DATA FOR THIS EXERCISE =>
━━━
(* Let $r\in\{3,5\}$, let $D=\mathrm{D}_{2r}$ be the dihedral group of order $2r$, and let $S\subseteq D$ with $S=S^{-1}$. Then there exists a nontrivial automorphism $\beta$ of $D$ that fixes $S$ setwise and inverts every element of the subgroup of order $r$ of $D$. *)

From mathcomp Require Import all_boot all_fingroup all_solvable.
Set Implicit Arguments. Unset Strict Implicit. Unset Printing Implicit Defensive.

From mathcomp Require Import all_boot all_fingroup all_solvable zify.

(* Write the dihedral group as H <*> <[y]> with H = <[x]> of odd order r.  The
   elements outside H form the coset H :* y and are involutions inverting H, so
   conjugation by any of them is a nontrivial automorphism inverting H; it fixes
   S :&: H because S is symmetric.  Since #|H| is odd, squaring is onto H, and
   for outer s, t the outer element c * s with c ^+ 2 = t * s^-1 swaps s and t.
   Hence every set of at most two outer elements, and its complement among the
   r outer elements, is fixed by some outer conjugation; as r <= 5, this covers
   S :\: H.  Subgroups of odd order r contain no involution, so they are H. *)

Set Implicit Arguments.
Unset Strict Implicit.
Unset Printing Implicit Defensive.

Local Open Scope group_scope.

Section OddOrder.

Variables (gT : finGroupType) (G : {group gT}).
Hypothesis oddG : odd #|G|.

Lemma odd_order_sqrt g : g \in G -> exists2 c, c \in G & c ^+ 2 = g.
Proof.
move=> Gg; exists (g ^+ (#|G|.+1)./2); first exact: groupX.
by rewrite -expgM muln2 halfK /= oddG subn0 expgSr expg_cardG ?mul1g.
Qed.

Lemma odd_order_involution_eq1 g : g \in G -> g ^+ 2 = 1 -> g = 1.
Proof.
move=> Gg g2; apply/eqP; rewrite -order_eq1 -dvdn1.
have /eqP <- : coprime #|G| 2 by rewrite coprimen2.
by rewrite dvdn_gcd (order_dvdG Gg) order_dvdn g2 eqxx.
Qed.

End OddOrder.

Section GeneralizedDihedral.

Variables (gT : finGroupType) (H : {group gT}) (y : gT).
Hypotheses (y2 : y ^+ 2 = 1) (yNH : y \notin H).
Hypothesis conjyH : {in H, forall a, a ^ y = a^-1}.
Hypothesis cardG : #|[set: gT]| = #|H|.*2.

Lemma abelianH : abelian H.
Proof.
apply/centsP => a Ha b Hb; have := conjyH (groupM Ha Hb).
rewrite conjMg !conjyH // invMg => /(congr1 invg).
by rewrite !invMg !invgK.
Qed.

Lemma setCH_rcoset : ~: H = H :* y.
Proof.
apply/eqP; rewrite eq_sym eqEcard card_rcoset.
have -> : #|~: H| = #|H| by have := cardsC H; rewrite -cardsT cardG -addnn => /addnI.
rewrite leqnn andbT; apply/subsetP => _ /rcosetP[a Ha ->].
by rewrite inE groupMl.
Qed.

Lemma mem_mulg_outer a s : a \in H -> s \in ~: H -> a * s \in ~: H.
Proof. by move=> Ha; rewrite !inE groupMl. Qed.

Lemma outer_mulgC s a : s \in ~: H -> a \in H -> s * a = a^-1 * s.
Proof.
rewrite setCH_rcoset => /rcosetP[c Hc ->] Ha.
have ya : y * a = a^-1 * y by rewrite [RHS]conjgC conjyH ?groupV // invgK.
by rewrite -mulgA ya !mulgA (centsP abelianH c) ?groupV.
Qed.

Lemma outer_involution s : s \in ~: H -> s ^+ 2 = 1.
Proof.
rewrite setCH_rcoset => /rcosetP[c Hc ->].
have yNH' : y \in ~: H by rewrite inE.
by rewrite expgS expg1 -mulgA (mulgA y) (outer_mulgC yNH' Hc) !mulgA mulgV mul1g -y2.
Qed.

Lemma invg_outer s : s \in ~: H -> s^-1 = s.
Proof. by move/outer_involution=> s2; apply/eqP; rewrite eq_invg_mul -s2. Qed.

Lemma conjg_outer a s : a \in H -> s \in ~: H -> a ^ s = a^-1.
Proof.
move=> Ha Hs; have Hs' : s^-1 \in ~: H by rewrite inE groupV -in_setC.
by rewrite conjgE mulgA (outer_mulgC Hs' Ha) mulgVK.
Qed.

Lemma conj_outer_outer s c : s \in ~: H -> c \in H -> s ^ (c * s) = c ^+ 2 * s.
Proof.
move=> Hs Hc; rewrite conjgM [s ^ c]conjgE (outer_mulgC Hs Hc) mulgA conjMg.
by rewrite conjg_outer ?groupM ?groupV // invMg invgK conjgE mulKg.
Qed.

Hypothesis oddH : odd #|H|.

Lemma outer_conj_transitive s t :
  s \in ~: H -> t \in ~: H -> exists2 z, z \in ~: H & s ^ z = t.
Proof.
move=> Hs Ht; have Hts : t * s^-1 \in H.
  move: Hs Ht; rewrite setCH_rcoset => /rcosetP[a Ha ->] /rcosetP[b Hb ->].
  by rewrite invMg mulgA mulgK groupM ?groupV.
have [c Hc c2] := odd_order_sqrt oddH Hts.
by exists (c * s); rewrite ?mem_mulg_outer // conj_outer_outer // c2 mulgVK.
Qed.

Lemma conjsg_outer z : z \in ~: H -> H :^ z = H.
Proof.
move=> Hz; apply/eqP; rewrite eqEcard cardJg leqnn andbT.
by apply/subsetP=> _ /imsetP[a Ha ->]; rewrite conjg_outer ?groupV.
Qed.

Lemma small_outer_set_fixed (T : {set gT}) : T \subset ~: H -> #|T| <= 2 ->
  exists2 z, z \in ~: H & T :^ z = T.
Proof.
move=> sTH; rewrite leq_eqVlt ltnS leq_eqVlt ltnS leqn0 cards_eq0.
case/or3P=> [/cards2P[s [t [_ defT]]] | /cards1P[s defT] | /eqP->].
- have [Hs Ht] : s \in ~: H /\ t \in ~: H.
    by split; apply: (subsetP sTH); rewrite defT !inE eqxx ?orbT.
  have [z Hz szt] := outer_conj_transitive Hs Ht.
  have tzs : t ^ z = s.
    by rewrite -szt -conjgM [z * z]outer_involution ?conjg1.
  by exists z; rewrite // defT conjUg !conjg_set1 szt tzs setUC.
- have Hs : s \in ~: H by apply: (subsetP sTH); rewrite defT set11.
  by exists s; rewrite // defT conjg_set1 conjgE mulKg.
- by exists y; rewrite ?conj0g ?inE.
Qed.

Lemma outer_set_fixed (T : {set gT}) : #|H| <= 5 -> T \subset ~: H ->
  exists2 z, z \in ~: H & T :^ z = T.
Proof.
move=> le_H5 sTH; set U := ~: H :\: T.
have cardTU : #|T| + #|U| = #|H|.
  by rewrite -(card_rcoset H y) -setCH_rcoset -(cardsID T (~: H)) (setIidPr sTH).
have [le_T2 | lt2T] := leqP #|T| 2; first exact: small_outer_set_fixed.
have [|z Hz fixU] := @small_outer_set_fixed U (subsetDl _ _).
  by rewrite -(leq_add2l #|T|) cardTU (leq_trans le_H5) // addn2.
exists z => //; have defT : T = ~: H :\: U by rewrite setDDr setDv set0U (setIidPr sTH).
by rewrite defT conjDg fixU conjCg conjsg_outer.
Qed.

Lemma symmetric_set_fixed (S : {set gT}) : #|H| <= 5 -> S^-1 = S ->
  exists2 z, z \in ~: H & S :^ z = S.
Proof.
move=> le_H5 invS; have [z Hz fixSH] := outer_set_fixed le_H5 (subsetIr S (~: H)).
exists z => //; apply/setP=> g; rewrite mem_conjg invg_outer //.
have [Hg | H'g] := boolP (g \in H); first by rewrite conjg_outer // -mem_invg invS.
have H'gz : g ^ z \in ~: H by rewrite -(conjsg_outer Hz) -conjCg memJ_conjg inE.
transitivity (g ^ z \in S :&: ~: H); first by rewrite inE H'gz andbT.
by rewrite -fixSH memJ_conjg !inE H'g andbT.
Qed.

Lemma odd_subgroup_sub (K : {group gT}) : odd #|K| -> K \subset H.
Proof.
move=> oddK; apply/subsetP=> g Kg; apply: contraT => H'g.
have H'g' : g \in ~: H by rewrite inE.
by move: H'g; rewrite (odd_order_involution_eq1 oddK Kg (outer_involution H'g')) group1.
Qed.

Theorem generalized_dihedral_symmetric_aut (S : {set gT}) :
    1 < #|H| <= 5 -> S^-1 = S ->
  exists2 beta : {perm gT}, beta \in Aut [set: gT] &
    [/\ beta != 1, beta @: S = S &
        forall K : {group gT}, #|K| = #|H| ->
          forall g, g \in K -> beta g = g^-1].
Proof.
case/andP=> gt1_H le_H5 invS; have [z Hz fixS] := symmetric_set_fixed le_H5 invS.
have betaE g : conj_aut [set: gT] z g = g ^ z by rewrite conj_autE ?inE.
exists (conj_aut [set: gT] z); first exact: Aut_aut.
split=> [|| K oK g Kg].
- have [a Ha nt_a] : exists2 a, a \in H & a != 1.
    by apply/trivgPn; rewrite trivg_card1 neq_ltn gt1_H orbT.
  apply: contra_neq nt_a => beta1; apply: (odd_order_involution_eq1 oddH Ha).
  have := betaE a; rewrite beta1 perm1 conjg_outer // => aV.
  by rewrite expgS expg1 {1}aV mulVg.
- by rewrite -[RHS]fixS; apply: eq_imset.
- rewrite betaE conjg_outer //; apply: (subsetP (odd_subgroup_sub _)) Kg.
  by rewrite oK.
Qed.

End GeneralizedDihedral.

Lemma dihedral_generators r : 1 < r ->
  exists x y : 'D_r.*2, [/\ #[x] = r, y ^+ 2 = 1, y \notin <[x]>
                         & {in <[x]>, forall a, a ^ y = a^-1}].
Proof.
move=> gt1_r; have := isoGrp_hom (Grp_dihedral gt1_r).
case/existsP=> -[x y] /= /eqP[defG xr y2 xy].
have conjyX : {in <[x]>, forall a, a ^ y = a^-1}.
  by move=> _ /cycleP[i ->]; rewrite conjXg xy expVgn.
have card_XY : #|<[x]> * <[y]>| = r.*2.
  by rewrite -norm_joinEr ?norms_cycle ?xy ?groupV ?cycle_id // defG card_dihedral.
have ox : #[x] = r.
  have le_XY : #|<[x]> * <[y]>| <= #[x] * 2.
    rewrite (leq_trans (leq_pmulr _ (cardG_gt0 (<[x]> :&: <[y]>)))) // -mul_cardG.
    by rewrite leq_mul // -orderE dvdn_leq // order_dvdn y2.
  rewrite muln2 card_XY leq_double in le_XY.
  by apply/eqP; rewrite eqn_leq le_XY dvdn_leq ?(ltnW gt1_r) ?order_dvdn ?xr.
exists x, y; split=> //; apply/negP=> Xy; move: card_XY.
by rewrite mulGSid ?cycle_subG // -orderE ox; lia.
Qed.

Theorem lemma4p9 (r : nat) (hr : (r == 3) || (r == 5))
    (S : {set 'D_(2 * r)}) (hS : S^-1 = S) :
  exists2 beta : {perm 'D_(2 * r)}, beta \in Aut 'D_(2 * r) &
    [/\ beta != 1, beta @: S = S &
        forall H : {group 'D_(2 * r)}, #|H| = r ->
          forall x, x \in H -> beta x = x^-1].
Proof.
have [gt1_r le_r5 odd_r] : [/\ 1 < r, r <= 5 & odd r] by case/orP: hr => /eqP->.
move: S hS; rewrite mul2n => S hS.
have [x [y [ox y2 yNX conjyX]]] := dihedral_generators gt1_r.
have oX : #|<[x]>| = r by rewrite -orderE.
have cardD : #|[set: 'D_r.*2]| = #|<[x]>|.*2 by rewrite card_dihedral // oX.
have oddX : odd #|<[x]>| by rewrite oX.
have boundX : 1 < #|<[x]>| <= 5 by rewrite oX gt1_r.
have [beta Abeta [nt_beta fixS invK]] :=
  generalized_dihedral_symmetric_aut y2 yNX conjyX cardD oddX boundX hS.
by exists beta => //; split=> // K oK; apply: invK; rewrite oK oX.
Qed.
━━━
INSTRUCTIONS TO FOLLOW => Set down exactly the lines of the data above, beginning with the line that has "by rewrite invMg" and ending with the line that has "move=> Hz; apply/eqP;", and no others.

ANSWER SPACE =>
  by rewrite invMg mulgA mulgK groupM ?groupV.
have [c Hc c2] := odd_order_sqrt oddH Hts.
by exists (c * s); rewrite ?mem_mulg_outer // conj_outer_outer // c2 mulgVK.
Qed.

Lemma conjsg_outer z : z \in ~: H -> H :^ z = H.
Proof.
move=> Hz; apply/eqP; rewrite eqEcard cardJg leqnn andbT.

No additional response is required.